Research on the H.L. Hunley—a submarine which sunk after successfully sinking a Union warship during the American Civil War—has led to a potentially revolutionary method in the preservation of iron artefacts. Six years of experiments using subcritical (super pressurised) alkaline solutions at the Clemson University Conservation Center at the Warren Lasch Laboratory in North Charleston, South Carolina, has led to a safer and faster way to stabilise iron objects retrieved from the sea and earth.
The treatment of iron artefacts has always been a problem for archaeologists, conservators and curators. Head conservator Paul Mardikian says: “Iron doesn’t like to be iron—it would like to be something else,” adding, “it has a tendency to revert back to its naturally occurring condition which is basically as an oxide.” Salts in the ground and ocean react with iron, causing accelerated corrosion. Once these objects are exposed to the atmosphere, they rapidly deteriorate. “Sometimes all you are left with is a pile of dust tagged with an inventory number,” says Mardikian.

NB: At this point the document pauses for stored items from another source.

(* Let $(\mathbf F,\prec)$ be an IS-family over a finite set $V$. Let $S_1,S_2\in\mathbf F$ with $S_1\prec S_2$ and let $v\in S_1\setminus S_2$. Let $S^*$ be the witness of $v$ w.r.t. $S_1$. Then $S^*\preceq S_2$.
   Context: Let $V$ be a finite set, $n=|V|$, $\mathbf F$ a family of subsets of $V$ and $\prec$ a strict partial order on $\mathbf F$; $S\preceq S'$ means $S\prec S'$ or $S=S'$. For $S\in\mathbf F$ and $v\in V$, $S$ covers $v$ if there is $S'\in\mathbf F$ with $S'\prec S$ and $v\in S'\setminus S$. $Pred(S)$ is the set of $S'\in\mathbf F$ with $S'\prec S$ such that there is no $S''\in\mathbf F$ with $S'\prec S''\prec S$. The visible set $Vis(S)$ is the set of $v\in V$ such that $v\in S'$ for some $S'\in Pred(S)$ and $v$ is not covered by any element of $Pred(S)$. For $S\in\mathbf F$ and $v\in S$, a witness of $v$ w.r.t. $S$ is a $\prec$-minimal element $S'\in\mathbf F$ with $S\prec S'$ and $v\in S\setminus S'$. $(\mathbf F,\prec)$ is an IS-family if: (SE) there is a unique element $sm(\mathbf F)\in\mathbf F$ with $sm(\mathbf F)\prec S$ for every other $S\in\mathbf F$; (SM) $S_1\prec S_2$ implies $|S_1|<|S_2|$; (SW) for every $S\in\mathbf F$ and $v\in S$ there is at most one witness of $v$ w.r.t. $S$; (TE) if $S_1\prec S_2\prec S_3$ are in $\mathbf F$ and $v\in S_1\setminus S_2$ then $v\in S_1\setminus S_3$; (LVS) for every $S\in\mathbf F$ and $S'\in Pred(S)$, $|S'|\le |Vis(S)|$; (DVS) for every $S\in\mathbf F$ with $S\ne sm(\mathbf F)$, $Vis(S)$ is not a subset of $S$; (EC) $sm(\mathbf F)$ can be computed in $O(n^3)$ time, for given $S\in\mathbf F$ and $v\in S$ the witness of $v$ w.r.t. $S$ can be computed (or its nonexistence reported) in $O(n^3)$ time, and $S_1\prec S_2$ can be tested in $O(|S_1|)$ time. *)

(* V is a finite type, F a family of subsets of V,
   prec a strict partial order on F, given as a boolean relation on {set V}
   (only its restriction to F matters). *)
From mathcomp Require Import all_boot.
Set Implicit Arguments. Unset Strict Implicit. Unset Printing Implicit Defensive.

Section ISFamily.
Variable V : finType.
Variable F : {set {set V}}.
Variable prec : rel {set V}.

Definition preceq (S S' : {set V}) : Prop := prec S S' \/ S = S'.

Definition strict_po_on : Prop :=
  (forall S, S \in F -> ~~ prec S S) /\
  (forall S1 S2 S3, S1 \in F -> S2 \in F -> S3 \in F ->
     prec S1 S2 -> prec S2 S3 -> prec S1 S3).

Definition covers (S : {set V}) (v : V) : bool :=
  [exists S', [&& S' \in F, prec S' S & v \in S' :\: S]].

Definition is_pred (S S' : {set V}) : bool :=
  [&& S' \in F, prec S' S &
      ~~ [exists S'', [&& S'' \in F, prec S' S'' & prec S'' S]]].

Definition Vis (S : {set V}) : {set V} :=
  [set v | [exists S', is_pred S S' && (v \in S')] &&
           [forall S'', is_pred S S'' ==> ~~ covers S'' v]].

Definition witness (S : {set V}) (v : V) (S' : {set V}) : Prop :=
  [/\ S' \in F, prec S S', v \in S :\: S' &
      ~ exists2 S'', S'' \in F &
          [/\ prec S S'', v \in S :\: S'' & prec S'' S'] ].

Definition is_sm (sm : {set V}) : Prop :=
  sm \in F /\ (forall S, S \in F -> S != sm -> prec sm S).

(* IS-family: axioms SE, SM, SW, TE, LVS, DVS (EC omitted) *)
Definition IS_family : Prop :=
  strict_po_on /\
  [/\ (* SE and DVS *)
      (exists sm, [/\ is_sm sm,
        (forall sm', is_sm sm' -> sm' = sm) &
        (forall S, S \in F -> S != sm -> ~~ (Vis S \subset S))]),
      (* SM *)
      (forall S1 S2, S1 \in F -> S2 \in F -> prec S1 S2 -> #|S1| < #|S2|),
      (* SW *)
      (forall S v, S \in F -> v \in S -> forall W1 W2,
         witness S v W1 -> witness S v W2 -> W1 = W2),
      (* TE *)
      (forall S1 S2 S3 v, S1 \in F -> S2 \in F -> S3 \in F ->
         prec S1 S2 -> prec S2 S3 -> v \in S1 :\: S2 -> v \in S1 :\: S3) &
      (* LVS *)
      (forall S S', S \in F -> is_pred S S' -> #|S'| <= #|Vis S|)].

End ISFamily.

From mathcomp Require Import all_boot.

Set Implicit Arguments. Unset Strict Implicit. Unset Printing Implicit Defensive.

(* Among the sets T with S1 < T, v in S1 \ T and T <= S2, one of least
   cardinality is a witness: by transitivity anything below it is again such
   a set, and by (SM) it would be smaller.  By (SW) this witness is S*. *)

Section WitnessBelow.

Variables (V : finType) (F : {set {set V}}) (prec : rel {set V}).

Hypothesis prec_trans : forall S1 S2 S3, S1 \in F -> S2 \in F -> S3 \in F ->
  prec S1 S2 -> prec S2 S3 -> prec S1 S3.
Hypothesis card_prec : forall S1 S2, S1 \in F -> S2 \in F ->
  prec S1 S2 -> #|S1| < #|S2|.

Lemma exists_witness_preceq (S T : {set V}) (v : V) :
  T \in F -> prec S T -> v \in S :\: T ->
  exists2 W, witness F prec S v W & preceq prec W T.
Proof.
move=> TF ST vST.
pose cand W := [&& W \in F, prec S W, v \in S :\: W & prec W T || (W == T)].
have candT : cand T by rewrite /cand TF ST vST eqxx orbT.
case: (@arg_minnP _ T cand (fun W => #|W|) candT) => W /and4P [WF SW vSW WT] Wmin.
have W_T : preceq prec W T by case/orP: WT => [|/eqP]; [left|right].
exists W => //; split=> // -[U UF [SU vSU UW]].
have candU : cand U.
  rewrite /cand UF SU vSU /=.
  by case: W_T => [WT'|<-]; rewrite ?(prec_trans UF WF TF UW WT') ?UW.
by have := Wmin U candU; rewrite leqNgt card_prec.
Qed.

End WitnessBelow.

Theorem proposition2 (V : finType) (F : {set {set V}})
  (prec : rel {set V}) :
  IS_family F prec ->
  forall (S1 S2 : {set V}) (v : V),
    S1 \in F -> S2 \in F -> prec S1 S2 -> v \in S1 :\: S2 ->
    forall Sstar : {set V}, witness F prec S1 v Sstar ->
    preceq prec Sstar S2.
Proof.
move=> [[_ prec_trans] [_ card_prec witness_uniq _ _]] S1 S2 v S1F S2F S12 vS12
  Sstar wSstar.
have [W wW W_S2] := exists_witness_preceq prec_trans card_prec S2F S12 vS12.
have vS1 : v \in S1 by case/setDP: vS12.
by rewrite -(witness_uniq _ _ S1F vS1 _ _ wW wSstar).
Qed.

In 2004, Mardikian and his team began treating iron rivets from the Hunley in a subcritical reactor which subjects the objects to high levels of pressure. They found that they were able to penetrate the corrosion layers of the rivets in a fraction of the time of traditional methods (other treatments can take up to six months depending upon the size of the object) and, more importantly, without changing the physical nature of the object. Successful results on marine artefacts led the team to experiment on terrestrial artefacts.
The repercussions of this new technique on the fields of archaeology and conservation are potentially revolutionary. Conservation is a time-consuming and expensive practice. The use of a subcritical reactor will allow objects to be treated in batches rather than individually, drastically cutting time and expense.
Another added advantage of this new method is the ability to adjust the treatment to suit the artefact. Because this technique speeds up the treatment process, conservators can better monitor the object’s progress and adjust the level of alkaline solution as needed.
Mardikian warns that the full effects of this new technique will not be known for at least another ten years when artefacts that have undergone this treatment can be examined to see how they hold up. However, he remains “cautiously optimistic” saying: “The possibility of this technology are endless—this is just the Big Bang of this research.”
The team began their research using a small chamber capable of holding only 40 millilitres of liquid. They are currently conducting experiments on the Hunley’s ballast blocks in a 40-litre chamber and are already planning to build a chamber capable of holding 12 cubic metres of liquid to treat a cannon. They also intend to experiment using different copper-based metals such as bronze.
“Metal 2010”, an important international conference on historic metal conservation, will be held in Charleston from 11 to 15 October.